Туда – сюда. И получаса не минуло, как железный рысак, поджав хвост, обернулся и вот опять стал у столба напротив проходной калитки в больничной ограде. В его чреве два седока: вы и тот, выразимся так: лиходей.

– Чего сидим, ждём? – Если бы не горечь в вашем, Евгений Фомич, взгляде, то, можно было подумать, едва ли не нотки ехидцы зазвучали в голосе. – У моря погоды?!

Ответа не последовало.

– Забирайте деньги и проваливайте!

– Ишь, какой торопыга!

– Ну чего вам ещё от меня надо?! – на этот раз едва не с вызовом прозвучал вопрос, не вопрос даже, а спонтанный выброс раздражения. – Я устал от вас.

– Заткнись! Будь моя воля, я бы просто свернул тебе башку. И баста! А так… Ладно. Я говорю – ты молчишь и слушаешь. Сейчас ты передашь мне деньги, все десять тысяч. Я уйду. Ты торчишь здесь, на этом самом месте. Час! Понятно?

Вы, Евгений Фомич, кивнули.

– И заруби себе на носу. Отчебучишь чего – пеняй на себя. Будешь умницей – позвоню. Через неделю или две. Позвоню и скажу, где, когда и как забрать плёнку. Оригинал.
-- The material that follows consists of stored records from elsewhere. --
Lemma sup_affine_ge0 (E : set R) a b : has_sup E ->
  (forall s, E s -> 0 <= a + s * b) -> 0 <= a + sup E * b.
Proof.
move=> supE Eab; have [s Es] := supE.1; have [b_ge0|b_lt0] := leP 0 b.
  apply: le_trans (Eab s Es) _.
  by rewrite lerD2l ler_wpM2r // sup_upper_bound.
have ub : sup E <= - a / b.
  apply: ge_sup => [|t Et]; first by exists s.
  have := Eab t Et; have : - a / b * b = - a by field; rewrite lt_eqF.
  nra.
have : - a / b * b = - a by field; rewrite lt_eqF.
nra.
Qed.

(* The ratio <A, Y> / <A, Z> is continuous, hence bounded, on the compact M. *)
Lemma Sset_slack M Z Y : compact M -> (forall A, M A -> 0 < mxdot A Z) ->
  exists2 d, 0 < d & forall A s, M A -> `|s| <= d -> 0 <= mxdot A (Z + s *: Y).
Proof.
move=> cM Z_gt0; pose h := (fun A => mxdot A Y) \* (fun A => (mxdot A Z)^-1).
have h_cont : {within M, continuous h}.
  apply: continuous_in_subspaceT => A /[!inE] MA.
  apply: continuousM; first exact: mxdot_continuous.
  by apply: continuousV; [rewrite gt_eqF ?Z_gt0 | exact: mxdot_continuous].
have [K [_ hK]] := compact_bounded (continuous_compact h_cont cM).
have K1_gt0 : 0 < `|K| + 1 by rewrite ltr_pwDr.
have h_le A : M A -> `|h A| <= `|K| + 1.
  move=> MA; apply: (hK (`|K| + 1)); last by exists A.
  by rewrite (le_lt_trans (ler_norm K)) ?ltrDl.
exists (`|K| + 1)^-1 => [|A s MA s_le]; first by rewrite invr_gt0.
have ZA_gt0 := Z_gt0 A MA.
have -> : mxdot A (Z + s *: Y) = mxdot A Z * (1 + s * h A).
  by rewrite mxdotD mxdotZ /h /=; field; rewrite gt_eqF.
rewrite pmulr_rge0 //; suff : `|s * h A| <= 1 by rewrite ler_norml => /andP[]; lra.
rewrite normrM -(mulVf (lt0r_neq0 K1_gt0)); apply: ler_pM => //; exact: h_le.
Qed.

Lemma Sset_line_search M W D (B : R) : compact M -> 0 <= B -> Sset M W ->
  (forall s, 0 <= s <= B -> psd (W + s *: D)) ->
  exists2 s, 0 <= s <= B & Sset M (W + s *: D) /\
    (s = B \/ exists2 A, M A & mxdot A (W + s *: D) = 0).
Proof.
move=> cM B_ge0 [pW SW] psdWD.
pose E := [set s | 0 <= s <= B /\ forall A, M A -> 0 <= mxdot A (W + s *: D)].
have E0 : E 0 by split=> [|A MA]; rewrite ?lexx ?B_ge0 // scale0r addr0 SW.
have supE : has_sup E by split; [exists 0 | exists B => s [/andP []]].
set s0 := sup E.
have s0_ge0 : 0 <= s0 := sup_upper_bound supE E0.
have s0_leB : s0 <= B by apply: ge_sup => [|s [/andP []]]; first by exists 0.
have S_s0 : Sset M (W + s0 *: D).
  split=> [|A MA]; first by apply: psdWD; rewrite s0_ge0.
  rewrite mxdotD mxdotZ; apply: sup_affine_ge0 => // s [_ /(_ A MA)].
  by rewrite mxdotD mxdotZ.
exists s0; first by rewrite s0_ge0.
split=> //; have [->|s0_neqB] := eqVneq s0 B; [by left | right].
apply: contrapT => not_tight.
have pos A : M A -> 0 < mxdot A (W + s0 *: D).
  move=> MA; rewrite lt_def S_s0.2 // andbT; apply/eqP => eq0.
  by apply: not_tight; exists A.
have [d d_gt0 slack] := Sset_slack D cM pos.
pose t := Num.min d (B - s0).
have t_gt0 : 0 < t by rewrite lt_min d_gt0 subr_gt0 lt_neqAle s0_neqB.
have t_le_d : t <= d by rewrite ge_min lexx.
have t_le : t <= B - s0 by rewrite ge_min lexx orbT.
have Et : E (s0 + t).
  split=> [|A MA]; first by apply/andP; split; lra.
  by rewrite scalerDl addrA; apply: slack; rewrite ?gtr0_norm.
by have := sup_upper_bound supE Et; rewrite -/s0; lra.
Qed.

Section FaceReduction.
Variable M : set 'M[R]_n.
Hypothesis compact_M : compact M.
Hypothesis tight_sums : forall Z,
  Sset M Z -> (exists2 A, M A & mxdot A Z = 0) -> rank_one_sums (Sset M) Z.

Local Notation G := (rank_one_sums (Sset M)).

Let cone_G : cone G := cone_rank_one_sums (cone_Sset M).

Lemma shrink_to_rank_one_sums Y X : psd Y -> psd X -> Sset M (Y + X) ->
  (Sset M X -> G X) -> exists2 s, 0 <= s & G (Y + X - s *: Y).
Proof.
move=> pY pX S_YX IH.
have psd_seg s : 0 <= s <= 1 -> psd (Y + X + s *: - Y).
  move=> /andP [_ s_le1]; rewrite scalerN addrAC -{1}[Y]scale1r -scalerBl.
  by apply: psdD => //; apply: psdZ; rewrite ?subr_ge0.
have [s /andP [s_ge0 _] [S_s end_or_tight]] :=
  Sset_line_search compact_M ler01 S_YX psd_seg.
exists s; rewrite // -scalerN.
case: end_or_tight => [s1|]; last exact: tight_sums.
rewrite s1 in S_s *; rewrite scale1r addrAC subrr add0r in S_s *.
exact: IH.
Qed.

Lemma grow_to_rank_one_sums Y X A0 : psd Y -> psd X -> Sset M (Y + X) ->
  M A0 -> mxdot A0 Y < 0 -> exists2 s, 0 <= s & G (Y + X + s *: Y).
Proof.
move=> pY pX S_YX MA0 Y_neg; set a := mxdot A0 (Y + X); set b := mxdot A0 Y.
have a_ge0 : 0 <= a := S_YX.2 A0 MA0.
have ab : - a / b * b = - a by field; rewrite lt_eqF.
(* At s = - a / b + 1 the constraint A0 is violated, so the search ends tight. *)
have B_ge0 : 0 <= - a / b + 1 by nra.
have psd_seg s : 0 <= s <= - a / b + 1 -> psd (Y + X + s *: Y).
  by move=> /andP [s_ge0 _]; apply: psdD; [exact: psdD | exact: psdZ].
have [s /andP [s_ge0 _] [S_s [sB|]]] :=
  Sset_line_search compact_M B_ge0 S_YX psd_seg.
  have := S_s.2 A0 MA0; rewrite mxdotD mxdotZ -/a -/b sB; nra.
by exists s => //; apply: tight_sums.
Qed.

Lemma Sset_sum_outer_sums (s : seq 'cV[R]_n) :
  Sset M (\sum_(v <- s) v *m v^T) -> G (\sum_(v <- s) v *m v^T).
Proof.
elim: s => [|y s IH]; first by rewrite big_nil => _; exact: cone0 cone_G.
rewrite big_cons => S_YX; set Y := y *m y^T in S_YX *.
have pY : psd Y := psd_outer y; have pX := psd_sum_outer s.
have [s1 s1_ge0 G1] := shrink_to_rank_one_sums pY pX S_YX IH.
have [Y_ge0|] := pselect (forall A, M A -> 0 <= mxdot A Y).
  rewrite -(subrK (s1 *: Y) (Y + _)); apply: (coneD cone_G G1).
  apply: rank_one_sums1; first by apply: (coneZ (cone_Sset M)).
  by apply: rank_oneZ => //; exists y.
move=> /existsNP [A0 /not_implyP [MA0 /negP]]; rewrite -ltNge => Y_neg.
have [s2 s2_ge0 G2] := grow_to_rank_one_sums pY pX S_YX MA0 Y_neg.
exact: cone_segment cone_G s1_ge0 s2_ge0 G1 G2.
Qed.

Lemma ROG_Sset : ROG (Sset M).
Proof.
apply/(ROG_coneP (cone_Sset M)) => X SX.
have [s eX] := psd_sum_outer_decomp SX.1; rewrite eX in SX *.
exact: Sset_sum_outer_sums.
Qed.

End FaceReduction.

Lemma tight_rank_one_sums M Z A0 :
  (forall M', M' `<=` M -> M' !=set0 -> ROG (Sset M `&` Tset M')) ->
  Sset M Z -> M A0 -> mxdot A0 Z = 0 -> rank_one_sums (Sset M) Z.
Proof.
move=> rogT SZ MA0 Z0; pose M' := [set A | M A /\ mxdot A Z = 0].
have /(ROG_coneP (coneI (cone_Sset M) (cone_Tset M'))) rogZ :
    ROG (Sset M `&` Tset M').
  by apply: rogT => [A []|]; last exists A0.
apply: rank_one_sumsS (@subIsetl _ _ (Tset M')) _ _.
by apply/rogZ; split=> //; split=> [|A []//]; exact: SZ.1.
Qed.

End RankOneGenerated.

Theorem lemma2p13 (R : realType) (n : nat) (M : set 'M[R]_n) :
  (forall A, M A -> sym_mx A) -> compact M ->
  ROG (Sset M) <->
  (forall M' : set 'M[R]_n, M' `<=` M -> M' !=set0 -> ROG (Sset M `&` Tset M')).
Proof.
move=> _ cM; split=> [rogS M' sub _ | rogT]; first exact: ROG_SsetI_Tset.
apply: ROG_Sset cM _ => Z SZ [A0 MA0 Z0].
exact: tight_rank_one_sums rogT SZ MA0 Z0.
Qed.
Понятно?!

Вы, Евгений Фомич, опять кивнули головой.

***

Весь день припекало ласковое солнце, и если б не колючий ветерок, пробирающий до озноба, то могло представиться, будто наступил как раз тот самый час, когда зима, прощаясь, уступает своё место вешним погожим денькам. По обочинам высились грязные сугробы и плавились в лучах разгорающегося светила, отбрасывая талые языки, однако ж когда солнце клонилось к закату, то обдуваемые студёным ветерком подтёки подмерзали, превращаясь в скользкий лёд.

В это субботнее предвечернее время улица была пустынна. Отдельные прохожие маячили в отдалении то там, то сям.
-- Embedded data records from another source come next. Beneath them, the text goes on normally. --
Lemma no_neg_div_of_pos_div_neg_summable :
  (exists A, I A /\ pos_div A) ->
  (forall A, I A -> pos_div A -> sum_over_finite A (fun n => neg_part (x n))) ->
  ~ (exists B, I B /\ neg_div B).
Proof.
  intros [A [HA Hpos]] Hsum [B [HB Hneg]].
  assert (HAB : I (fun n => A n \/ B n)) by (apply (proj1 hI); assumption).
  apply Hneg. apply (sum_over_finite_subset (fun n => A n \/ B n)); [intros n Hn; right; exact Hn|].
  apply Hsum; [exact HAB|]. intros HsumAB. apply Hpos. revert HsumAB.
  apply sum_over_finite_subset. intros n Hn; left; exact Hn.
Qed.

Lemma sum_range_cases :
  (forall A, I A -> sum_over_finite A (fun n => Rabs (x n))) \/
  (exists A, I A /\ pos_div A /\ neg_div A) \/
  ((exists A, I A /\ pos_div A) /\
   (forall A, I A -> pos_div A -> sum_over_finite A (fun n => neg_part (x n)))) \/
  ((exists B, I B /\ neg_div B) /\
   (forall B, I B -> neg_div B -> sum_over_finite B (fun n => pos_part (x n)))).
Proof.
  destruct (classic (forall A, I A -> sum_over_finite A (fun n => Rabs (x n)))) as [Habs|Habs];
    [left; exact Habs | right].
  apply not_all_ex_not in Habs as [A HA]. apply imply_to_and in HA as [HA Hdiv].
  destruct (classic (exists A, I A /\ pos_div A /\ neg_div A)) as [Hboth|Hboth]; [left; exact Hboth | right].
  assert (Hexcl : forall C, I C -> pos_div C -> ~ neg_div C) by (intros C ? ? ?; apply Hboth; eauto).
  destruct (pos_or_neg_div A Hdiv) as [Hpos|Hneg]; [left | right]; split; eauto.
  - intros C HC HposC. apply NNPP, (Hexcl C HC HposC).
  - intros C HC HnegC. apply NNPP. intros HposC. exact (Hexcl C HC HposC HnegC).
Qed.

End SumRange.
– Давай, клади сюда. И по-быстрому, – наконец, улучив момент, когда в поле зрения не было ни единой фигуры, велел лиходей и подставил свою сумочку, распахивая горловину.

Евгений Фомич, поочерёдно извлекая из-за пазухи, одну за другой бросил внутрь четыре бурых пачки. По четвертаку – в каждой. Расставался с деньгами без видимого сожаления. Наверняка, даже не задумался ни о потере нового железного коня, вместо отживающего свой век, ни о гараже, ни о дачке, ни о кооперативной квартире – ни о чём не сожалел в частности. Лишь только когда его мучитель открыл дверцу машины, намереваясь покинуть салон, он вдруг вцепился тому в руку:

– Да постой же ты! – вскричал и в отчаянии попытался удержать. – Чурбан ты этакий!!!
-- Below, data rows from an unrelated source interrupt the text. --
(* In the adversarial edge arrival model for integral matchings, no online algorithm (deterministic or randomized) achieves a guarantee larger than $0.58065$ on graphs of maximum degree three. That is, for every online algorithm $\mathcal{ALG}$ and every $\gamma>0.58065$ there is an instance (a graph of maximum degree at most three with an adversarial edge arrival order) and a timepoint $t$ at which $\mathbb{E}[|M_t|] < \gamma\,\nu(G_t)$, where $M_t$ is the matching held by $\mathcal{ALG}$ at time $t$.
   Context: Adversarial edge arrival model for integral matchings: edges arrive one at a time in an order chosen by an (oblivious) adversary; upon arrival of an edge, the algorithm must immediately and irrevocably decide whether to add it to its current matching (which must remain a matching). A (possibly randomized) algorithm achieves guarantee $\gamma$ if at every timepoint the expected size of its matching is at least $\gamma\cdot\nu(G_t)$, where $\nu(G_t)$ is the maximum matching cardinality of the arrived graph $G_t$. *)

From HB Require Import structures.
From mathcomp Require Import all_boot all_order all_algebra.
From mathcomp Require Import reals.
Set Implicit Arguments. Unset Strict Implicit. Unset Printing Implicit Defensive.
Import Order.TTheory GRing.Theory Num.Theory.

(* Vertices are labelled by naturals; an (undirected) edge is a pair. *)
Definition edge := (nat * nat)%type.

Definition verts (m : seq edge) : seq nat := flatten [seq [:: e.1; e.2] | e <- m].

Definition is_matching (m : seq edge) : bool := uniq (verts m).

Definition nu (s : seq edge) : nat :=
  \max_(b : (size s).-tuple bool | is_matching (mask b s)) size (mask b s).

Definition norm_edge (e : edge) : edge := (minn e.1 e.2, maxn e.1 e.2).
Definition deg (s : seq edge) (v : nat) : nat :=
  count (fun e : edge => (e.1 == v) || (e.2 == v)) s.
Definition valid_instance (s : seq edge) : bool :=
  [&& all (fun e : edge => e.1 != e.2) s,
      uniq (map norm_edge s) &
      all (fun v => deg s v <= 3) (verts s)].

(* A randomized online algorithm, as a behavioural strategy: given the edges
   arrived so far, its own past decisions (true = edge was added), and the
   newly arriving edge, it returns the probability of adding the new edge
   (this is only consulted when adding it keeps a matching; otherwise the
   edge is necessarily rejected). *)
Definition online_alg (R : realType) := seq edge -> seq bool -> edge -> R.

Definition feasible (e : edge) (M : seq edge) : bool :=
  (e.1 \notin verts M) && (e.2 \notin verts M).

Local Open Scope ring_scope.

Fixpoint exp_run (R : realType) (alg : online_alg R) (past : seq edge)
    (dec : seq bool) (fut : seq edge) (k : nat) : R :=
  match k, fut with
  | k'.+1, e :: fut' =>
      if feasible e (mask dec past) then
        let p := alg past dec e in
        p * exp_run alg (rcons past e) (rcons dec true) fut' k'
        + (1 - p) * exp_run alg (rcons past e) (rcons dec false) fut' k'
      else exp_run alg (rcons past e) (rcons dec false) fut' k'
  | _, _ => (count id dec)%:R
  end.

Definition expected_size (R : realType) (alg : online_alg R) (s : seq edge)
    (t : nat) : R := exp_run alg [::] [::] s t.

From HB Require Import structures.
From mathcomp Require Import all_boot all_order all_algebra.
From mathcomp Require Import reals ring lra.
Set Implicit Arguments. Unset Strict Implicit. Unset Printing Implicit Defensive.
Import Order.TTheory GRing.Theory Num.Theory.
Local Open Scope ring_scope.

(* Yao-style averaging over a tree of adversarial continuations.  Each node of
   the tree is an arrival order (the path from the root) together with a
   weight w and a matching of that order.  If an online algorithm met the
   guarantee gamma on every node, the weighted sum of its expected matching
   sizes would be at least gamma * K, where K is the weighted sum of the
   witness matching sizes.  On the other hand, the weighted sum is a convex
   combination over the algorithm's coin flips, so it is at most the best
   value D any deterministic sequence of decisions achieves on the tree;
   D is computed by backward induction.  For the tree below D = 198 and
   K = 341, and 198 / 341 < 0.58065. *)

Record instance := Instance { weight : nat; witness : seq edge; arrivals : seq edge }.

Definition instance_tuple (x : instance) := (weight x, witness x, arrivals x).
Definition tuple_instance (y : nat * seq edge * seq edge) := Instance y.1.1 y.1.2 y.2.
Lemma instance_tupleK : cancel instance_tuple tuple_instance. Proof. by case. Qed.
HB.instance Definition _ := Equality.copy instance (can_type instance_tupleK).

(* [ANode w m e c sib]: the edge e arrives next, stopping right after it is
   scored with weight w and witness matching m, c continues the arrival order
   after e, and sib is an alternative continuation of the order before e. *)
Inductive adv_tree :=
  | ALeaf
  | ANode of nat & seq edge & edge & adv_tree & adv_tree.

Fixpoint instances (t : adv_tree) : seq instance :=
  if t is ANode w m e c sib then
    Instance w m [:: e]
      :: [seq Instance (weight x) (witness x) (e :: arrivals x) | x <- instances c]
      ++ instances sib
  else [::].

Fixpoint max_det_payoff (t : adv_tree) (past : seq edge) (dec : seq bool) : nat :=
  if t is ANode w _ e c sib then
    let branch b :=
      (w * count id (rcons dec b) + max_det_payoff c (rcons past e) (rcons dec b))%N in
    ((if feasible e (mask dec past) then maxn (branch true) (branch false)
      else branch false) + max_det_payoff sib past dec)%N
  else 0%N.

Lemma convex_le_maxn (R : realDomainType) (p x y : R) (a b : nat) :
  0 <= p <= 1 -> x <= a%:R -> y <= b%:R -> p * x + (1 - p) * y <= (maxn a b)%:R.
Proof.
move=> /andP[p_ge0 p_le1] xa yb.
have : a%:R <= (maxn a b)%:R :> R by rewrite ler_nat leq_maxl.
have : b%:R <= (maxn a b)%:R :> R by rewrite ler_nat leq_maxr.
nra.
Qed.

Section TreeValue.
Variables (R : realType) (alg : online_alg R).

Definition tree_value (t : adv_tree) (past : seq edge) (dec : seq bool) : R :=
  \sum_(x <- instances t)
     (weight x)%:R * exp_run alg past dec (arrivals x) (size (arrivals x)).

Lemma tree_value_node w m e c sib past dec :
  let branch b :=
    w%:R * (count id (rcons dec b))%:R + tree_value c (rcons past e) (rcons dec b) in
  tree_value (ANode w m e c sib) past dec =
    (if feasible e (mask dec past) then
       alg past dec e * branch true + (1 - alg past dec e) * branch false
     else branch false)
    + tree_value sib past dec.
Proof.
rewrite /tree_value /= big_cons big_cat big_map /= addrA; congr (_ + _).
case: ifP => _ //.
rewrite (mulrDr (alg _ _ _)) (mulrDr (1 - _)) addrACA mulrDr; congr (_ + _); first ring.
by rewrite !mulr_sumr -big_split; apply: eq_bigr => x _ /=; ring.
Qed.

Hypothesis alg_prob : forall past dec e, 0 <= alg past dec e <= 1.

Lemma tree_value_le_max_det t past dec :
  tree_value t past dec <= (max_det_payoff t past dec)%:R.
Proof.
elim: t past dec => [|w m e c IHc sib IHs] past dec; first by rewrite /tree_value big_nil.
rewrite tree_value_node /= natrD lerD //.
have branch_le b :
    w%:R * (count id (rcons dec b))%:R + tree_value c (rcons past e) (rcons dec b)
    <= (w * count id (rcons dec b) + max_det_payoff c (rcons past e) (rcons dec b))%:R.
  by rewrite natrD natrM lerD.
case: ifP => _; last exact: branch_le.
exact: convex_le_maxn (alg_prob past dec e) (branch_le true) (branch_le false).
Qed.

End TreeValue.

Lemma matching_size_le_nu (m s : seq edge) :
  subseq m s -> is_matching m -> (size m <= nu s)%N.
Proof.
case/subseqP=> b size_b -> match_b.
pose tb : (size s).-tuple bool := Tuple (introT eqP size_b).
exact: (@leq_bigmax_cond _ (fun tb : (size s).-tuple bool => is_matching (mask tb s))
                           (fun tb => size (mask tb s)) tb).
Qed.

Definition certified (x : instance) : bool :=
  [&& valid_instance (arrivals x), subseq (witness x) (arrivals x)
    & is_matching (witness x)].

Definition witness_weight (t : adv_tree) : nat :=
  \sum_(x <- instances t) weight x * size (witness x).

Lemma exists_violated_instance (R : realType) (alg : online_alg R)
    (alg_prob : forall past dec e, 0 <= alg past dec e <= 1)
    (t : adv_tree) (gamma : R) :
  0 < gamma -> all certified (instances t) ->
  (max_det_payoff t [::] [::])%:R < gamma * (witness_weight t)%:R ->
  exists2 x, x \in instances t &
    expected_size alg (arrivals x) (size (arrivals x)) < gamma * (nu (arrivals x))%:R.
Proof.
move=> gamma_gt0 /allP t_certified lt_weight; apply/hasP; apply/negPn/negP.
move=> /hasPn meets_gamma; move: lt_weight; apply/negP; rewrite -leNgt.
have := tree_value_le_max_det alg_prob t [::] [::]; apply: le_trans.
rewrite /witness_weight natr_sum mulr_sumr /tree_value !big_seq.
apply: ler_sum => x x_in_t.
have /and3P[_ sub_x match_x] := t_certified x x_in_t.
have := meets_gamma x x_in_t; rewrite -leNgt => le_exp.
rewrite natrM mulrCA ler_wpM2l //; apply: le_trans le_exp.
by rewrite ler_wpM2l ?ler_nat ?matching_size_le_nu // ltW.
Qed.

Definition adv_path (nodes : seq (nat * seq edge * edge)) : adv_tree :=
  foldr (fun '(w, m, e) c => ANode w m e c ALeaf) ALeaf nodes.

(* After the path 2-0-1 the adversary either closes the triangle 0-1-2 and
   hangs the edge (0,3) on it, or grows a caterpillar of maximum degree three
   along the spine 2-0-1-3-4-6-8-...-18. *)
Definition hard_tree : adv_tree :=
  ANode 34 [:: (0, 1)] (0, 1)
    (ANode 0 [::] (0, 2)
       (ANode 0 [::] (1, 2)
          (adv_path [:: (55, [:: (1, 2); (0, 3)], (0, 3))])
          (adv_path
             [:: (21, [:: (0, 2); (1, 3)], (1, 3));
                 (0, [::], (3, 4));
                 (13, [:: (0, 2); (3, 4); (1, 5)], (1, 5));
                 (0, [::], (4, 6));
                 (8, [:: (0, 2); (1, 5); (4, 6); (3, 7)], (3, 7));
                 (0, [::], (6, 8));
                 (5, [:: (0, 2); (1, 5); (3, 7); (6, 8); (4, 9)], (4, 9));
                 (0, [::], (8, 10));
                 (3, [:: (0, 2); (1, 5); (3, 7); (4, 9); (8, 10); (6, 11)], (6, 11));
                 (0, [::], (10, 12));
                 (2, [:: (0, 2); (1, 5); (3, 7); (4, 9); (6, 11); (10, 12); (8, 13)],
                  (8, 13));
                 (0, [::], (12, 14));
                 (1, [:: (0, 2); (1, 5); (3, 7); (4, 9); (6, 11); (8, 13); (12, 14);
                        (10, 15)], (10, 15));
                 (0, [::], (14, 16));
                 (1, [:: (0, 2); (1, 5); (3, 7); (4, 9); (6, 11); (8, 13); (10, 15);
                        (14, 16); (12, 17)], (12, 17));
                 (0, [::], (16, 18));
                 (1, [:: (0, 2); (1, 5); (3, 7); (4, 9); (6, 11); (8, 13); (10, 15);
                        (12, 17); (16, 18); (14, 19)], (14, 19))]))
       ALeaf)
    ALeaf.

Lemma hard_tree_certified : all certified (instances hard_tree).
Proof. by vm_compute. Qed.

Lemma hard_tree_witness_weight : witness_weight hard_tree = 341%N.
Proof. by rewrite /witness_weight unlock; vm_compute. Qed.

Lemma hard_tree_max_det_payoff : max_det_payoff hard_tree [::] [::] = 198%N.
Proof. by vm_compute. Qed.

Theorem mainTheorem2 (R : realType) (alg : online_alg R)
  (alg_prob : forall (past : seq edge) (dec : seq bool) (e : edge),
      0 <= alg past dec e <= 1)
  (gamma : R) (hgamma : 58065%:R / 100000%:R < gamma) :
  exists (s : seq edge) (t : nat),
    [/\ valid_instance s, (t <= size s)%N &
        expected_size alg s t < gamma * (nu (take t s))%:R].
Proof.
have gamma_gt0 : 0 < gamma by apply: lt_trans hgamma; rewrite divr_gt0 ?ltr0n.
have [x x_in violated] : exists2 x, x \in instances hard_tree &
    expected_size alg (arrivals x) (size (arrivals x)) < gamma * (nu (arrivals x))%:R.
  apply: exists_violated_instance alg_prob _ _ gamma_gt0 hard_tree_certified _.
  rewrite hard_tree_max_det_payoff hard_tree_witness_weight; lra.
have /and3P[valid_x _ _] := allP hard_tree_certified x x_in.
by exists (arrivals x), (size (arrivals x)); rewrite take_size.
Qed.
Тот отмахнулся, вырываясь, и ткнул его в грудь. Выбрался из машины – следом за ним выскочил Евгений Фомич и с криком бросился вдогонку:

– Стой же! Где Люба?! Я хочу её видеть!

Бежать нельзя: привлечёшь внимание – поднимется шум-гам. Не дай бог погоня. Вмешаются зеваки…

А Евгений Фомич оказался на удивление прытким. Нагнал лиходея у калитки, обхватил того сзади, по-медвежьи, и не отпускал. Мужик крепкий.

– Я хочу видеть Любу! Ты слышишь, что тебе говорят?!

Вяжет так, что не отпихнёшь, и ноги, как назло, скользят на обледеневшем тротуаре у подошвы большого оплавленного сугроба. Попытался затылком боднуть, лягнул пяткой – толку ничуть.

– Чёрт малахольный! Да пусти же ты!!!

– Я хочу её видеть! Где она, отвечай, гадина ты этакая?!

Сумка с деньгами выпала из рук прямо под ноги топчущихся у края сугроба. Вот в борьбе кто-то нечаянно пнул её ногой, и сумка отлетела дальше, приземлилась на сугроб.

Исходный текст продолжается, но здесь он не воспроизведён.